A few more days post-Ox and it feels like recovery is happening. I've been off work for an unprecedented 4 days in a row now as I picked up a stomach bug either from falling in cow-shitty mud and eating with dirty hands during the race, or simply from a depressed immune system post-ultra. It's been pretty gruesome, especially as I don't think I've had a stomach bug since I was a child and this has absolutely floored me. Not being able to keep food in has been awful although I guess the enforced rest from being poorly has been good for me.
So now I'm skin and bones, a bit wobbly but less tired and mentally in a better place too. I managed to eat a bowl of pasta last night which has more or less stayed in, and the stomach cramps are far fewer. I even really want to get out and train again! As far as training goes though, this is stopping me:
It doesn't look much but I think there must be a lot of bruising or blisters around/ underneath my big toenail because any pressure on it is excruciating- wearing shoes is just awful!
Mentally I don't feel so bleak and can now contemplate Giant's Head marathon in 4 week's time with equanimity. It was never going to be a race for me, just some fun. The cut off is really generous and I'll walk as much of it as I feel like; unless you're an elite or a top club runner it's never only about running. After Giant's Head there's the Invader in July (another marathon) and then the SVP100. At the start of the week I really thought I would pull out of that one but now I feel like it is manageable. I will have someone to run with which will make an enormous difference, but I still need to organise for someone to be there at the finish for me.

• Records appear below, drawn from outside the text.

Lemma deriv_bump_mb : (deriv bump).[-b] = 0.
Proof. by rewrite /bump !poly.derivE !hornerE /=; ring. Qed.

Lemma bump0 : bump.[0] = b ^+ 2.
Proof. by rewrite /bump !hornerE /=; ring. Qed.

Lemma bump1 : bump.[1] = 0.
Proof. by rewrite /bump !hornerE /=; ring. Qed.

Lemma dpsi_bump k x : -b <= x -> dpsi b (bump_fun k) x = k * (deriv bump).[x].
Proof.
move=> bx; rewrite /dpsi /prim Rintegral_deriv_poly //.
by rewrite poly.derivZ !hornerZ deriv_bump_mb mulr0 subr0.
Qed.

Lemma psi_bump k x : -b <= x -> psi_of b (bump_fun k) x = k * bump.[x].
Proof.
move=> bx; rewrite /psi_of {1}/prim.
transitivity (Rintegral leb `[-b, x] (fun t => (deriv (k *: bump)).[t])).
  apply: eq_Rintegral => t /[!inE] tI.
  by rewrite -/(dpsi b _ t) dpsi_bump ?(itvP tI) // poly.derivZ hornerZ.
by rewrite Rintegral_deriv_poly // !hornerZ bump_mb mulr0 subr0.
Qed.

Lemma bump_L2 k : L2 b (bump_fun k).
Proof.
have cb : {within D, continuous bump_fun k}.
  by apply: continuous_subspaceT; exact: continuous_horner.
split; first exact: continuous_itv_measurable.
exact/continuous_itv_integrable/within_continuous_sqr.
Qed.

Lemma J_bump rp rm r k :
  Jfun b rp rm (bump_fun k) r = k ^+ 2 * Jfun b rp rm (bump_fun 1) r.
Proof.
pose H x := pw rp rm x * (r ^+ 2 * bump.[x] ^+ 2 + (deriv bump).[x] ^+ 2).
have JE k' : Jfun b rp rm (bump_fun k') r = 2^-1 * Rintegral leb D (fun x => k' ^+ 2 * H x).
  congr (_ * _); apply: eq_Rintegral => x /[!inE] xI.
  by rewrite psi_bump ?dpsi_bump ?(itvP xI) // /H; ring.
have cH : leb.-integrable D (EFin \o H).
  apply/pw_integrable/continuous_itv_integrable => //.
  have cp q : {within D, continuous horner q}.
    by apply: continuous_subspaceT; exact: continuous_horner.
  apply: within_continuousD (within_continuous_sqr (cp _)).
  exact: within_continuousM within_continuous_cst (within_continuous_sqr (cp _)).
by rewrite !JE !RintegralZl // expr1n mul1r mulrCA.
Qed.

Lemma J_bump_gt0 rp rm r : 0 < rm -> rm < rp -> 0 < Jfun b rp rm (bump_fun 1) r.
Proof.
move=> rm0 rmp; have := psi0_sqr_le_J r rm0 rmp (L2_integrable (bump_L2 1)).
rewrite psi_bump // bump0 mul1r.
move=> /(lt_le_trans (exprn_gt0 2 (exprn_gt0 2 b_gt0))).
by rewrite pmulr_rgt0 // pmulr_rgt0 // divr_gt0.
Qed.

Lemma Ebdry_bump g rp rm sp sm r k : Ebdry g rp rm sp sm r (bump_fun k) =
  2^-1 * r ^+ 2 * (sm * r ^+ 2 - g * (rp - rm)) * (k * b ^+ 2) ^+ 2.
Proof.
rewrite /Ebdry !psi_bump // bump0 bump1.
by rewrite mulr0 expr0n /= mulr0 add0r.
Qed.

Lemma exists_Ebdry_lt0 g rp rm sp sm r : 0 < rm -> rm < rp -> 0 < r ->
  sm * r ^+ 2 - g * (rp - rm) < 0 ->
  exists2 f, L2 b f /\ Jfun b rp rm f r = 1 & Ebdry g rp rm sp sm r f < 0.
Proof.
move=> rm0 rmp r0 coef_lt0; have J1 := J_bump_gt0 r rm0 rmp.
pose k := (Num.sqrt (Jfun b rp rm (bump_fun 1) r))^-1.
have k0 : 0 < k by rewrite invr_gt0 sqrtr_gt0.
exists (bump_fun k).
  split; first exact: bump_L2.
  by rewrite J_bump exprVn sqr_sqrtr ?ltW // mulVf ?gt_eqF.
have P0 : 0 < 2^-1 * r ^+ 2 * (k * b ^+ 2) ^+ 2.
  by apply: mulr_gt0; [apply: mulr_gt0 | apply/exprn_gt0/mulr_gt0]; rewrite ?exprn_gt0.
by rewrite Ebdry_bump mulrAC pmulr_rlt0.
Qed.

End energy.

Lemma below_crit_coef_lt0 (R : realType) (g rp rm sm r : R) :
  0 < g -> rm < rp -> 0 <= sm -> below_crit g rp rm sm r ->
  sm * r ^+ 2 - g * (rp - rm) < 0.
Proof.
move=> g0 rmp sm0 [r0 r_lt]; have K0 : 0 < g * (rp - rm) by rewrite mulr_gt0 // subr_gt0.
have [->|sm_gt0] := eqVneq sm 0; first by rewrite mul0r sub0r oppr_lt0.
have {}sm_gt0 : 0 < sm by rewrite lt_def sm_gt0.
have crit0 : 0 <= g * (rp - rm) / sm by rewrite divr_ge0 ?ltW.
have : r ^+ 2 < g * (rp - rm) / sm.
  by rewrite -(sqr_sqrtr crit0) (ltrXn2r 2 (ltW r0) (r_lt sm_gt0)).
by rewrite ltr_pdivlMr // mulrC subr_lt0.
Qed.

Theorem lemma2p2 (R : realType) (b g rp rm mp mm sp sm r : R)
  (hb : 0 < b) (hg : 0 < g) (hrho : 0 < rm) (hrho' : rm < rp)
  (hmp : 0 < mp) (hmm : 0 < mm)
  (hsig : (sp = 0 /\ sm = 0) \/ (0 < sp /\ 0 < sm))
  (hr : below_crit g rp rm sm r) :
  exists! s : R,
    (0 < s /\ alpha b g rp rm mp mm sp sm r s < 0) /\
    s = Num.sqrt (- alpha b g rp rm mp mm sp sm r s).
Proof.
have [sp0 sm0] : 0 <= sp /\ 0 <= sm by case: hsig => -[sp0 sm0]; split; lra.
have coef_lt0 := below_crit_coef_lt0 hg hrho' sm0 hr.
have [f0 Pf0 Bf0] := exists_Ebdry_lt0 hb sp hrho hrho' hr.1 coef_lt0.
pose P := [set f | L2 b f /\ Jfun b rp rm f r = 1].
apply: (@inf_affine_unique_fixpoint R _ P (Evisc b mp mm r) (Ebdry b g rp rm sp sm r)
  (r ^+ 2 * g * (rp - rm) * b / rm)).
- by exists f0.
- by move=> f _; apply: Evisc_ge0; exact: ltW.
- move=> f [Lf Jf]; have := Ebdry_ge hb r hg hrho hrho' sp0 sm0 (L2_integrable Lf).
  by rewrite Jf mulr1.
- move=> s s0; congr inf; apply: eq_imagel => f [Lf _].
  by rewrite Efun_affine // ltW.
- by exists f0.
Qed.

I am also thinking about how to keep running sustainable for me. As well as getting my GI issues checked at the doctor's yesterday, I got the results for my latest DEXA scan. The news isn't good. My spine is already deteriorating from last time it was looked at and now my hips show signs of bone loss too. It's scary- I'm only in my mid-40s and the thought of a future where I could sneeze and fracture a vertebrae is absolutely terrifying. I don't know what I would do if I couldn't get outside and run and hike and just move around freely. And I'm so scared of losing the people I care most about because of this stupid illness.
It's so incredibly frustrating that I'm finding out what my body is capable of achieving just as I'm finding out that I have an illness that will at some point stop me doing the things I love. I can't describe the rage inside me, both about what I will lose and also about all the years wasted, not trying things because of other people- other people's belief that I couldn't do sport, that sport wasn't for me, their worries about what I might do...
My girls might thing I'm a tough mummy, too driven, too determined, but I badly want them to see what you can achieve if you really want to; that it's so important to live NOW, to do things before it's too late.
Although the future feels bleak, at least I can say I survived Ox and I will run again.